§ ABOUT THIS TASK
From the entries below, retype only the lines from the one with "(ln y - ln x" through the one with "Lemma in_gap_not_pole (j", exactly as written.
-- SOURCE RECORDS follows --
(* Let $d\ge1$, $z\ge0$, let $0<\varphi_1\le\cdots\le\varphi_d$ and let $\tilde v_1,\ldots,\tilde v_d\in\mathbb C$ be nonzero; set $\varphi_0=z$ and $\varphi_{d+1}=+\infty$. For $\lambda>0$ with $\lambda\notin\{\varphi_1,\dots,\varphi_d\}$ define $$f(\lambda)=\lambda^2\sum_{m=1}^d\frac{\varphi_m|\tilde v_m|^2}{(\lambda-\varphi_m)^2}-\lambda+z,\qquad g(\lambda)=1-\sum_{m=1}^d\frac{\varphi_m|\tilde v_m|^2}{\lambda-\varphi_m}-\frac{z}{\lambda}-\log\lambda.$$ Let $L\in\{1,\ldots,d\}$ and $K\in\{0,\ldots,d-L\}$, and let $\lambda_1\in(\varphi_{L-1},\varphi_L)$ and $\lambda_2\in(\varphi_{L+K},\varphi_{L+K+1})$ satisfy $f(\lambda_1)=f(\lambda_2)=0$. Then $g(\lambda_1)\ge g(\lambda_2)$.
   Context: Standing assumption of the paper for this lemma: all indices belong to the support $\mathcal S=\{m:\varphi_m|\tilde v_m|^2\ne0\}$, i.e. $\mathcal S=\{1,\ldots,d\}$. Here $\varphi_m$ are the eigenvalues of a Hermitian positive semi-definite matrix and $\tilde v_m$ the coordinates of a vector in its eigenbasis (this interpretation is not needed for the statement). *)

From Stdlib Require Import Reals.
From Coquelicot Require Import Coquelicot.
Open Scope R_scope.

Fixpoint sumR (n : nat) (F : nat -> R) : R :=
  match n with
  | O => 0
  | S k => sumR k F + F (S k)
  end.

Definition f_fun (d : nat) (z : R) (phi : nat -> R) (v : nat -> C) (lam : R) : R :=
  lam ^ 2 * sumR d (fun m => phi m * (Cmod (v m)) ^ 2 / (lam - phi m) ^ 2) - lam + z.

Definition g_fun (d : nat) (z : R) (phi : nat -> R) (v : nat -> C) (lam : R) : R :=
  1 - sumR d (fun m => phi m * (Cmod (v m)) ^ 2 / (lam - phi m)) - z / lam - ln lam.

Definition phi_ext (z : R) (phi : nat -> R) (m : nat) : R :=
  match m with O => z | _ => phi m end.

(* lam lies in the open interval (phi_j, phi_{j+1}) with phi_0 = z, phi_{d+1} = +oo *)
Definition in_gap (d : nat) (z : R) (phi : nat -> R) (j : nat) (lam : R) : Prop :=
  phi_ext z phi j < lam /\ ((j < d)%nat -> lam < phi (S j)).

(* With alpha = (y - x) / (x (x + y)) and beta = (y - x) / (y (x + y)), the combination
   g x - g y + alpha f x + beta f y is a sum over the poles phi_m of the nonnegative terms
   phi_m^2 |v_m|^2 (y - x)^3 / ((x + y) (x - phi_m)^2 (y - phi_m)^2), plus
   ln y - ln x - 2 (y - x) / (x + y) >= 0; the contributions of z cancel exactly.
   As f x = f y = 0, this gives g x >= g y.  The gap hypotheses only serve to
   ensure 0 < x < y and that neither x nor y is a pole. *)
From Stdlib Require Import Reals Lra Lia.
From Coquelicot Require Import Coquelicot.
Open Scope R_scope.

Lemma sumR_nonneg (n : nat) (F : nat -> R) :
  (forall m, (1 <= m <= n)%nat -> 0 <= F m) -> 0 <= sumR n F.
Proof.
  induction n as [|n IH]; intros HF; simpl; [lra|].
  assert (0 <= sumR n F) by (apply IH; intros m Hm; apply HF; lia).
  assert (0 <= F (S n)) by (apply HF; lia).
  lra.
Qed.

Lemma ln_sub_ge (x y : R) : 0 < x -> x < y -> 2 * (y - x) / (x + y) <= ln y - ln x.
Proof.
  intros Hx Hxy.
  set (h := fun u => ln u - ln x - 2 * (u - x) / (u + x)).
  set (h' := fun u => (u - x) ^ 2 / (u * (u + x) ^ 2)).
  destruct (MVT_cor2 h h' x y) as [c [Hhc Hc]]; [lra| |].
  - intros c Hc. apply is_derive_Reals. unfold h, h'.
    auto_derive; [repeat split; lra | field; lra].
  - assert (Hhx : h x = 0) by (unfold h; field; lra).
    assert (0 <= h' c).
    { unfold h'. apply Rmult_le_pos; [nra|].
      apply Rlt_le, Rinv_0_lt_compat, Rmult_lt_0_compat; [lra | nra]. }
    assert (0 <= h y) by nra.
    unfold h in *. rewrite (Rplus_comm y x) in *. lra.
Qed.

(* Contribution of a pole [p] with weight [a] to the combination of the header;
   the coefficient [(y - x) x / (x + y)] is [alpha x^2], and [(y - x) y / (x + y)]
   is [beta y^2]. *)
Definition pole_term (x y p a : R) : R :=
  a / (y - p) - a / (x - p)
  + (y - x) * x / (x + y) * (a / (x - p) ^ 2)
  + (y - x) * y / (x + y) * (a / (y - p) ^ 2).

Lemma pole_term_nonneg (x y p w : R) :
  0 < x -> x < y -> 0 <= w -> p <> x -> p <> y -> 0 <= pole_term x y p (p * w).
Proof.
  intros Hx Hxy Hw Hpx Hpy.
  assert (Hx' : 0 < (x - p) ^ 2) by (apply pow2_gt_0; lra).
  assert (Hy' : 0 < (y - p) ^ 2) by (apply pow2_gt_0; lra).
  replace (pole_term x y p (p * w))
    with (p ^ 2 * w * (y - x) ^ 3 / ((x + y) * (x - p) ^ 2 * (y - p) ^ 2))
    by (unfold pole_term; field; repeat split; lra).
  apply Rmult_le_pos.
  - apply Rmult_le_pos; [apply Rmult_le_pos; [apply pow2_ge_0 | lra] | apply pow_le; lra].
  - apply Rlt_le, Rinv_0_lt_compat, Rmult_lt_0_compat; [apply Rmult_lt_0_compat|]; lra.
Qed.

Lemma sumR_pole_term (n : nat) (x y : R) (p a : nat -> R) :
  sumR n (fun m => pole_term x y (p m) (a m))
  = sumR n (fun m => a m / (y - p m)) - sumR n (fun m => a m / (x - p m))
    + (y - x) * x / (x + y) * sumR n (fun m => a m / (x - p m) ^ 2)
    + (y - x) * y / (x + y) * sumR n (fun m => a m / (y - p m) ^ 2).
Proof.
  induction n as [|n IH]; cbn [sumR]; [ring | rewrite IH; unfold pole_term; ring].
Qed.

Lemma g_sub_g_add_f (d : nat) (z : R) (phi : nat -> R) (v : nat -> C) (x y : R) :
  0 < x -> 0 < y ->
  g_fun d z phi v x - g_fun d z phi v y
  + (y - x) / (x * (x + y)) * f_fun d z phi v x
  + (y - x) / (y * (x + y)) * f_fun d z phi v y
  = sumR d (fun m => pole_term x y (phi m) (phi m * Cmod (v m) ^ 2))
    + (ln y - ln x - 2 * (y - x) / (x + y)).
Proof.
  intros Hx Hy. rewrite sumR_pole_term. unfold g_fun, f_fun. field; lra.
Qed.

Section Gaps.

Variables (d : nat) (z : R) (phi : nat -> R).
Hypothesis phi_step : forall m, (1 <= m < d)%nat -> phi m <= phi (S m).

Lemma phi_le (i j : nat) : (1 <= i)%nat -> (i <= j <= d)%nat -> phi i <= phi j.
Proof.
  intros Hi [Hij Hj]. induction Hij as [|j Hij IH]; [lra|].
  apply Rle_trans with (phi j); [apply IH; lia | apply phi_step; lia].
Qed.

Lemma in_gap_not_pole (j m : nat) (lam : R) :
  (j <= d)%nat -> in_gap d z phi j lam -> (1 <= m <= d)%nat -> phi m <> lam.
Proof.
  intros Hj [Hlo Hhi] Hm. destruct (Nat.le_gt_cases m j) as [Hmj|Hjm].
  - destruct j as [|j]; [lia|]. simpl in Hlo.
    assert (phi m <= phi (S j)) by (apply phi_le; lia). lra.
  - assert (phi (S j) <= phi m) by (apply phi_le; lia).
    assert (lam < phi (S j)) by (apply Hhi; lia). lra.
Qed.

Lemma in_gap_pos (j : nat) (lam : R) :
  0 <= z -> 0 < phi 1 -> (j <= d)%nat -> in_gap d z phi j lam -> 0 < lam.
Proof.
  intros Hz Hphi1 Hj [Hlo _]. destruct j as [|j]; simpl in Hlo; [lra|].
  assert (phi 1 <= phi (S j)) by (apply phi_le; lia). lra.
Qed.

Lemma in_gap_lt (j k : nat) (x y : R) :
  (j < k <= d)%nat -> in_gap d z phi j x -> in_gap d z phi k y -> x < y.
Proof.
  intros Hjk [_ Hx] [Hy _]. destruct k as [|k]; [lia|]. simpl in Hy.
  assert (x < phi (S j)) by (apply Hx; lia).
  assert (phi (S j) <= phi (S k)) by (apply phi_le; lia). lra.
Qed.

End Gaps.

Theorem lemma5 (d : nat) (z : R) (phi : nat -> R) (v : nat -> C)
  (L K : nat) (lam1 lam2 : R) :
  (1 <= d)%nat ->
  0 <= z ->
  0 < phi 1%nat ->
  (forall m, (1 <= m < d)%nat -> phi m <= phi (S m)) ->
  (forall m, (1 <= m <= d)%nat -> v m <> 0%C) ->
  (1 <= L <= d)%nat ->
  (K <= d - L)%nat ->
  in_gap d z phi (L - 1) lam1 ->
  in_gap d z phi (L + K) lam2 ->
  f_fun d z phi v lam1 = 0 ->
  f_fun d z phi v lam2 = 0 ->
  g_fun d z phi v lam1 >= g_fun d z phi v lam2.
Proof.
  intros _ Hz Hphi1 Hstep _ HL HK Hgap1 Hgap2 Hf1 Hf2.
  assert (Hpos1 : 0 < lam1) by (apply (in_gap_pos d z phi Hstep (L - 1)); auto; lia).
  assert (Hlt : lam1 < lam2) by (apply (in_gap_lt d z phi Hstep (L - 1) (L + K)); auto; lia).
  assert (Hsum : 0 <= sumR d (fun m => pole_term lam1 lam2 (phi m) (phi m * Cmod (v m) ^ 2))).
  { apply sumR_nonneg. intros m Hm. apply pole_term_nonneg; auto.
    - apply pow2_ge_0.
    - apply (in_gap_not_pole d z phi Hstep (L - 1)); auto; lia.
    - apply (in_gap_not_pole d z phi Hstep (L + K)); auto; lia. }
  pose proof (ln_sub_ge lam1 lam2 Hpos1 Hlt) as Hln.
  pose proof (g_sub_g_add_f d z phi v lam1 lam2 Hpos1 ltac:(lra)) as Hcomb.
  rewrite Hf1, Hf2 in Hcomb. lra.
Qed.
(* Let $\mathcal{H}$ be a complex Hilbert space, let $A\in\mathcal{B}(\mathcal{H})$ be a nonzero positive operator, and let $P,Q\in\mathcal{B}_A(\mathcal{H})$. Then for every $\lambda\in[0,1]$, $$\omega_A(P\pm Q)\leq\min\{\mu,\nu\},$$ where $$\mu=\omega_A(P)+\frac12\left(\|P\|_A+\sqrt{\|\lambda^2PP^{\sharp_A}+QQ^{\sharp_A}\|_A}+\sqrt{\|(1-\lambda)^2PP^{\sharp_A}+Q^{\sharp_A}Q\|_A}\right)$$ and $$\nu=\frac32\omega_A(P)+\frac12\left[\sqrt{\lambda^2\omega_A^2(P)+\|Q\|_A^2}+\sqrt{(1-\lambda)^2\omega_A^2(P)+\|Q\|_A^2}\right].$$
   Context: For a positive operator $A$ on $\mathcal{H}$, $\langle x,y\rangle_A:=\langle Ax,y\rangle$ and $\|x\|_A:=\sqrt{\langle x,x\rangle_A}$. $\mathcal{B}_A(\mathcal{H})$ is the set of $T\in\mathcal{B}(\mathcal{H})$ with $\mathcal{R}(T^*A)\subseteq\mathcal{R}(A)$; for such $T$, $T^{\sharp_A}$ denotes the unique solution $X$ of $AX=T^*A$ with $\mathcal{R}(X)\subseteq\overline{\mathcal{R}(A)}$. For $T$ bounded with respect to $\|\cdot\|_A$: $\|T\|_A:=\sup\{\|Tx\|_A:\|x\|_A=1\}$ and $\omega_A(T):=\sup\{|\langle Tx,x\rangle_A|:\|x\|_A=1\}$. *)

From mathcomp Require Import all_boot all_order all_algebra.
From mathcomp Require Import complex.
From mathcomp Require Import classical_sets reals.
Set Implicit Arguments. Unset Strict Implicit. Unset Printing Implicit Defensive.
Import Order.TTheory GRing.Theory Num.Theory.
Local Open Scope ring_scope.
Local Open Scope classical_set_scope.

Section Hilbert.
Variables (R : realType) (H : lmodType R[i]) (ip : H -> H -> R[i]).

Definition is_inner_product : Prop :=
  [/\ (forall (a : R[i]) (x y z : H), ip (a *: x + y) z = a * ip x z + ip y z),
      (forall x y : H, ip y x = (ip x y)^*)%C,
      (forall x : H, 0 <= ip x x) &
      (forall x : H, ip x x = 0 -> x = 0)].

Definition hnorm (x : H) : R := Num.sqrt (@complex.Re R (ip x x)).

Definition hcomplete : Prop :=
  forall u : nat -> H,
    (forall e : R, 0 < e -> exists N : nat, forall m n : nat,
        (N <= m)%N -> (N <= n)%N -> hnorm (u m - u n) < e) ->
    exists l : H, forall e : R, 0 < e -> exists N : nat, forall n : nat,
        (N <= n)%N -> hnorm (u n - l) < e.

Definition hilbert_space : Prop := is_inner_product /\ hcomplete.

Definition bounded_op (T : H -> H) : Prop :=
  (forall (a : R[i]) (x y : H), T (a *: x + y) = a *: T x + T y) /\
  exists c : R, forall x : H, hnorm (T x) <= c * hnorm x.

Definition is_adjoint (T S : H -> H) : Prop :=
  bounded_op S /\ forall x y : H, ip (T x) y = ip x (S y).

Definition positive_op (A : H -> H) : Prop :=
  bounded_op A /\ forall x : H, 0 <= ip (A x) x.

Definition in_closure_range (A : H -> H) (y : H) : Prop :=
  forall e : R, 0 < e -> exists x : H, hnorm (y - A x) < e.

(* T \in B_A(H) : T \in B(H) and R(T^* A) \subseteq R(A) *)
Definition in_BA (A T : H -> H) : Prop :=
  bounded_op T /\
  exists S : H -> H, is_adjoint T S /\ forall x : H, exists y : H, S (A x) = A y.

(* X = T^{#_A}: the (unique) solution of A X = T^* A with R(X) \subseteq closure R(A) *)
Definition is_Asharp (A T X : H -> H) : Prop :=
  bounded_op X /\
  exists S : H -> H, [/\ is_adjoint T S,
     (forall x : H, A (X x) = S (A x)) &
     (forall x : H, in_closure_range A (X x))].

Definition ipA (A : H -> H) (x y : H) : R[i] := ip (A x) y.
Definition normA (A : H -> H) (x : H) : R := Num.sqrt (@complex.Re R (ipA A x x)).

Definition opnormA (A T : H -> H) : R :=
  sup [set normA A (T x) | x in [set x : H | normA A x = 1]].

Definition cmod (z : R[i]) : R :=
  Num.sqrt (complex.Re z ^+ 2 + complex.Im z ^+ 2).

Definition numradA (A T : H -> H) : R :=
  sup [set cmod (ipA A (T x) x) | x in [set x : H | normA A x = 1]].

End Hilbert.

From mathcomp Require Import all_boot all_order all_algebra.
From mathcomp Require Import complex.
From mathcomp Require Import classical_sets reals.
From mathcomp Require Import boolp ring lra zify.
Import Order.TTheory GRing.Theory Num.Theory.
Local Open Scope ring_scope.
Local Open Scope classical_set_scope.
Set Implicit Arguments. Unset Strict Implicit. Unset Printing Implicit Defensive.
-- SOURCE RECORDS concluded --
§ EXERCISE SOLUTION
    + (ln y - ln x - 2 * (y - x) / (x + y)).
Proof.
  intros Hx Hy. rewrite sumR_pole_term. unfold g_fun, f_fun. field; lra.
Qed.

Section Gaps.

Variables (d : nat) (z : R) (phi : nat -> R).
Hypothesis phi_step : forall m, (1 <= m < d)%nat -> phi m <= phi (S m).

Lemma phi_le (i j : nat) : (1 <= i)%nat -> (i <= j <= d)%nat -> phi i <= phi j.
Proof.
  intros Hi [Hij Hj]. induction Hij as [|j Hij IH]; [lra|].
  apply Rle_trans with (phi j); [apply IH; lia | apply phi_step; lia].
Qed.

Lemma in_gap_not_pole (j m : nat) (lam : R) :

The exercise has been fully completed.